How could this be? How does one transition when there is no transition? Where were the three steps back? Where was the 6, 8, 10? Everything was weird. Everything seemed messed up. I didn't have time for this! (Have patience)
I couldn't figure out how to count it. And I was too afraid and proud to ask for help, so I just agonized on my own. Besides, nobody in class counted, not past three that is. (Get Support)
Que uno que dos que tres
And those three counts were never used to explain things. Things were "counted" with sounds. According to Carmen it was simply, "dak-a-dah-dah." And ultimately, that's the only way I could get the transition that almost gave me a nervous breakdown and stay in compás, by saying, "dak-a-dah-dah" in my head as I did it. Dak-a-dah-dah saved me. (Prepare)
As you can see, I was taken waaaaaay out of my comfort zone. So far out that I put up a gigantic mental block without even realizing it. I got stuck in my head. (Open up)
I wanted to figure it out in my mind. Only then can I do it, I thought. Not realizing that this stubbornness was blocking me from getting it. My refusal to just let my body learn to feel it.(Trust)
And then I think I kind of missed the old way too. I guess I didn't want to let go. Sometimes it's hard to let go.(Let go)
Now I can count the transition that almost gave me a nervous breakdown. I can count it in 12 (which puts the llamada on the either the 7 or 1 depending), I can count it in 6, I can count it in 3, and I can even count it in sounds.) And it was insanely satisfying to figure that out. It actually wasn't that hard, once I let myself breathe and let go of the blocks.

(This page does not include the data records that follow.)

Lemma unexpanded_child U G X :
  In X U -> ~ neg_part G X -> unexpanded U (Or G (Not X)) < unexpanded U G.
Proof.
  intros HX HnX. unfold unexpanded. apply filter_length_lt with X; auto.
  - intros Y. rewrite !negb_true_iff, <- !not_true_iff_false, !bdec_true.
    intros HY [p Hp]; apply HY; exists (0 :: p); constructor; auto.
  - rewrite negb_true_iff, <- not_true_iff_false, bdec_true; auto.
  - rewrite negb_false_iff, bdec_true; exists [1; 0]; repeat constructor.
Qed.

Lemma not_hintikka G : ~ closed_form G -> ~ hintikka G ->
  (exists B C, neg_part G (Or B C) /\ ~ neg_part G B /\ ~ neg_part G C) \/
  (exists a b, neg_part G (Eps a b) /\ ~ neg_part G (Eps a a)) \/
  (exists a b c, neg_part G (Eps a b) /\ neg_part G (Eps b c) /\ ~ neg_part G (Eps a c)) \/
  (exists a b, neg_part G (Eps a b) /\ neg_part G (Eps b b) /\ ~ neg_part G (Eps b a)).
Proof.
  intros Hc Hh. apply NNPP; intro Hn. apply Hh; split; [exact Hc | split; [| split; [| split]]].
  - intros B C H; apply NNPP; intro; apply Hn; left; exists B, C; tauto.
  - intros a b H; apply NNPP; intro; apply Hn; right; left; exists a, b; tauto.
  - intros a b c H H'; apply NNPP; intro; apply Hn; right; right; left; exists a, b, c; tauto.
  - intros a b H H'; apply NNPP; intro; apply Hn; right; right; right; exists a, b; tauto.
Qed.

Lemma tableau_step A G :
  parts_within (universe A) G -> ~ closed_form G -> ~ hintikka G ->
  exists Xs, (forall X, In X Xs -> In X (universe A) /\ ~ neg_part G X) /\
    ((forall X, In X Xs -> has_closed_tableau (Or G (Not X))) -> has_closed_tableau G).
Proof.
  intros HU Hc Hh.
  assert (Hatom : forall a b, neg_part G (Eps a b) -> In a (names A) /\ In b (names A))
    by (intros a b H; apply universe_atom, HU, H).
  destruct (not_hintikka G Hc Hh) as
    [(B & C & [p Hp] & HB & HC) | [(a & b & [p Hp] & Haa) |
    [(a & b & c & [p Hp] & [q Hq] & Hac) | (a & b & [p Hp] & [q Hq] & Hba)]]].
  - assert (HBC : In (Or B C) (universe A)) by (apply HU; exists p; auto).
    exists [B; C]; split.
    + intros X [<- | [<- | []]]; split; auto; apply (universe_subs A _ _ HBC); simpl;
        right; apply in_or_app; auto using subs_refl.
    + intros Hch; apply (tab_or G p B C); auto; apply Hch; simpl; auto.
  - destruct (Hatom a b) as [Ha _]; [exists p; auto |].
    exists [Eps a a]; split.
    + intros X [<- | []]; split; auto; apply universe_atom; auto.
    + intros Hch; apply (tab_eps1 G p a b); auto; apply Hch; simpl; auto.
  - destruct (Hatom a b) as [Ha _]; [exists p; auto |].
    destruct (Hatom b c) as [_ Hc']; [exists q; auto |].
    assert (Hdiff : Eps a b <> Eps b c)
      by (intro E; injection E as -> ->; apply Hac; exists p; auto).
    exists [Eps a c]; split.
    + intros X [<- | []]; split; auto; apply universe_atom; auto.
    + intros Hch; apply (tab_eps2 G p q a b c); auto; [| apply Hch; simpl; auto].
      apply (atom_nonoverlap G p q a b b c false false); auto.
  - destruct (Hatom a b) as [Ha Hb]; [exists p; auto |].
    assert (Hdiff : Eps a b <> Eps b b)
      by (intro E; injection E as ->; apply Hba; exists p; auto).
    exists [Eps b a]; split.
    + intros X [<- | []]; split; auto; apply universe_atom; auto.
    + intros Hch; apply (tab_eps3b G p q a b); auto; [| apply Hch; simpl; auto].
      apply (atom_nonoverlap G p q a b b b false false); auto.
Qed.
(** Ethereum rule: the uncle [u] is referred by the first official block
    mined after it at distance (height difference) between 1 and n1. *)
Definition nephew (n1 : nat) (u : block) (later : list block) : option block :=
  find (fun b => b_official b && Nat.ltb (b_height u) (b_height b)
                 && Nat.leb (b_height b) (b_height u + n1)) later.

Fixpoint count_att_refs (n1 : nat) (first later : list block) : nat :=
  match first with
  | nil => O
  | u :: f' =>
      ((if is_uncle u then
          match nephew n1 u (f' ++ later) with
          | Some b => if b_att b then 1 else 0
          | None => 0
          end
        else 0) + count_att_refs n1 f' later)%nat
  end.

(** U_s of the first attack cycle, as determined by the complete cycles of
    the finite event prefix [s] (0 if the first cycle is not complete).
    This is nondecreasing in the prefix and converges to U_s. *)
Definition Us_prefix (n1 : nat) (s : list ev) : nat :=
  match split_cycles (length s) s with
  | nil => O
  | c :: cs => let bs := cycle_blocks 0 c in
               count_att_refs n1 bs (cycles_blocks (n_official bs) cs)
  end.

Definition ExpUs_N (p q gamma : R) (n1 N : nat) : R :=
  fold_right Rplus 0
    (map (fun s => seq_prob p q gamma s * INR (Us_prefix n1 s)) (all_seqs N)).

From Stdlib Require Import Reals List Arith Bool Lia Lra.
Import ListNotations.

(** Reading the mined blocks one at a time, U_s is the total reward of a finite automaton
    ([ustate]): during an SS cycle it tracks the lead of the attacker's fork and the honest
    uncles within reach (distance at most n1) of the next official block, and it pays them once
    that block is known to be the attacker's, which may be the first official block of the next
    cycle.  Under the i.i.d. mining law this is a Markov reward chain.  If V solves the one-step
    (Bellman) equation, the expected reward of the first N blocks is
    V(start) - E[V(state after N blocks)]; a Lyapunov function that contracts by a factor
    lam < 1 at each step and dominates V up to a factor linear in the number of pending uncles
    makes this remainder O(N lam^N).  Along the fork the Bellman equation reduces to first-order
    linear recurrences in the lead, solved by geometric sums, and V(start) is the closed form. *)

Open Scope nat_scope.

Lemma find_none_intro {A} (f : A -> bool) L :
  (forall x, In x L -> f x = false) -> find f L = None.
Proof.
  induction L as [|x L IH]; intros Hf; simpl; [reflexivity|].
  rewrite Hf by (left; reflexivity); apply IH; intros y Hy; apply Hf; right; exact Hy.
Qed.

Lemma find_app {A} (f : A -> bool) X Y :
  find f (X ++ Y) = match find f X with Some x => Some x | None => find f Y end.
Proof. induction X as [|x X IH]; simpl; [reflexivity|]. destruct (f x); auto. Qed.

Definition official_from (h : nat) (L : list block) : Prop :=
  (forall x, In x L -> b_official x = true -> h <= b_height x) /\
  (forall x, find b_official L = Some x -> b_height x = h).

Lemma official_from_nil h : official_from h [].
Proof. split; simpl; [tauto|discriminate]. Qed.

Lemma n_official_find_none X : find b_official X = None -> n_official X = 0.
Proof.
  unfold n_official; induction X as [|x X IH]; simpl; [reflexivity|].
  destruct (b_official x); [discriminate|exact IH].
Qed.

Lemma official_from_app h X Y :
  official_from h X -> official_from (h + n_official X) Y -> official_from h (X ++ Y).
Proof.
  intros [HXh HXf] [HYh HYf]; split.
  - intros x Hx Ox; apply in_app_or in Hx as [Hx|Hx]; [auto|].
    specialize (HYh x Hx Ox); lia.
  - intros x Hx; rewrite find_app in Hx.
    destruct (find b_official X) as [y|] eqn:E; [injection Hx as <-; auto|].
    rewrite n_official_find_none, Nat.add_0_r in HYf by exact E; auto.
Qed.

Definition nephew_pred (n1 h : nat) (b : block) : bool :=
  b_official b && Nat.ltb h (b_height b) && Nat.leb (b_height b) (h + n1).

Lemma nephew_eq_find n1 u L : nephew n1 u L = find (nephew_pred n1 (b_height u)) L.
Proof. reflexivity. Qed.

Lemma find_nephew_official_from n1 h H L :
  official_from H L -> h < H ->
  find (nephew_pred n1 h) L = if H <=? h + n1 then find b_official L else None.
Proof.
  intros [Hheight Hfirst] Hh; induction L as [|x L IH]; simpl.
  - destruct (H <=? h + n1); reflexivity.
  - unfold nephew_pred at 1; destruct (b_official x) eqn:Ox; simpl.
    + assert (Hx : b_height x = H) by (apply Hfirst; simpl; rewrite Ox; reflexivity).
      rewrite Hx, (proj2 (Nat.ltb_lt h H) Hh); simpl.
      destruct (H <=? h + n1) eqn:E; [reflexivity|].
      apply Nat.leb_gt in E; apply find_none_intro; intros y Hy; unfold nephew_pred.
      destruct (b_official y) eqn:Oy; [|reflexivity].
      pose proof (Hheight y (in_cons _ _ _ Hy) Oy).
      rewrite (proj2 (Nat.leb_gt _ _)) by lia; apply andb_false_r.
    + apply IH.
      * intros y Hy; apply Hheight; simpl; auto.
      * intros y Hy; apply Hfirst; simpl; rewrite Ox; exact Hy.
Qed.

Definition is_att_event (e : ev) : bool := match e with evS => true | evH _ => false end.

Definition count_att (l : list ev) : nat := length (filter is_att_event l).

Lemma n_official_ss_blocks h0 l : forall a i, n_official (ss_blocks h0 a i l) = count_att l.
Proof.
  unfold n_official, count_att.
  induction l as [|[|c] l IH]; intros a i; simpl; auto.
Qed.

Lemma official_from_ss_blocks h0 l : forall a i, official_from (h0 + S a) (ss_blocks h0 a i l).
Proof.
  induction l as [|[|c] l IH]; intros a i; simpl.
  - apply official_from_nil.
  - destruct (IH (S a) i) as [Hh Hf]; split.
    + intros x [<-|Hx] Ox; simpl; [lia|]. specialize (Hh x Hx Ox); lia.
    + intros x Hx; injection Hx as <-; reflexivity.
  - destruct (IH a (S i)) as [Hh Hf]; split.
    + intros x [<-|Hx] Ox; [discriminate|auto].
    + exact Hf.
Qed.

Lemma official_from_ss_blocks_app a i l L :
  official_from (S (a + count_att l)) L -> official_from (S a) (ss_blocks 0 a i l ++ L).
Proof.
  intros HL; apply official_from_app; [apply (official_from_ss_blocks 0)|].
  rewrite n_official_ss_blocks; exact HL.
Qed.

Lemma official_from_cycle_blocks h0 c : official_from (S h0) (cycle_blocks h0 c).
Proof.
  assert (Hss : forall c, official_from (S h0) (ss_blocks h0 0 0 c))
    by (intros c'; rewrite <- Nat.add_1_r; apply official_from_ss_blocks).
  destruct c as [|[|c1] c];
    [| destruct c as [|[|c2] c]; [| |destruct c as [|[|[|]] [|e4 c]]] | destruct c as [|e2 c]];
    first [ apply official_from_nil | apply Hss
          | split; simpl;
            [ intros x Hx Ox; intuition (subst; simpl in *; lia || discriminate)
            | intros x Hx; injection Hx as <-; simpl; lia ] ].
Qed.

Lemma official_from_cycles_blocks cs : forall h0, official_from (S h0) (cycles_blocks h0 cs).
Proof.
  induction cs as [|c cs IH]; intros h0; simpl; [apply official_from_nil|].
  apply official_from_app; [apply official_from_cycle_blocks | apply IH].
Qed.

Lemma split_cycles_S fuel l : split_cycles (S fuel) l =
  match cycle_len l with
  | Some k => firstn k l :: split_cycles fuel (skipn k l)
  | None => []
  end.
Proof. reflexivity. Qed.

Definition first_official_att (L : list block) : nat :=
  match find b_official L with
  | Some b => if b_att b then 1 else 0
  | None => 0
  end.

Lemma first_official_att_skip u L :
  b_official u = false -> first_official_att (u :: L) = first_official_att L.
Proof. intros Hu; unfold first_official_att; simpl; rewrite Hu; reflexivity. Qed.

(** In [Fork k first paid pending] the fork leads by k + 2 blocks, [first] says that no honest
    block of the cycle has been mined yet, [paid] counts the uncles already referred by an
    attacker block and [pending] those waiting for the next official block.  [Wait b] and its
    successors carry the b uncles pending when the cycle ends: they are paid iff the next cycle
    completes and its first official block is the attacker's. *)
Inductive ustate : Type :=
  | Start | AfterS | AfterSH
  | Fork (k : nat) (first : bool) (paid pending : nat)
  | Wait (b : nat) | WaitS (b : nat) | WaitSH (b : nat) | WaitSS (k b : nat)
  | Settled.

Looking back, I'm glad nobody explained it to me, because the satisfaction of figuring it out is great. (Give them attention)
I don't want you to have a nervous breakdown if you dance bulerías in Jerez, so I teach you all about this transition and explain it in many different ways in the Understanding Bulerías Series which I'll offer again this winter and at the Flamenco Retreat at the Oregon Coast which happens in October.
A brief note on counting:
If you try to count Bulerías de Jerez in 12 it will mess you up, and it doesn't make sense to because the groove is different. You can use the 12-count as a reference, good to do, but Bulerías de Jerez is felt in sixes, or threes depending on how you think of it.
*Dancing on your own in bulerías class
You actually don't have to dance on your own in front of everyone in Ani's class. If you come with me on the FlamencoTour you can dance with the rest of the group or with a partner. So, please don't worry. And if you don't go with me and you go by yourself, you can always ask to dance with Carmen or even Ani if you really don't want to do it by yourself, so honestly, don't worry!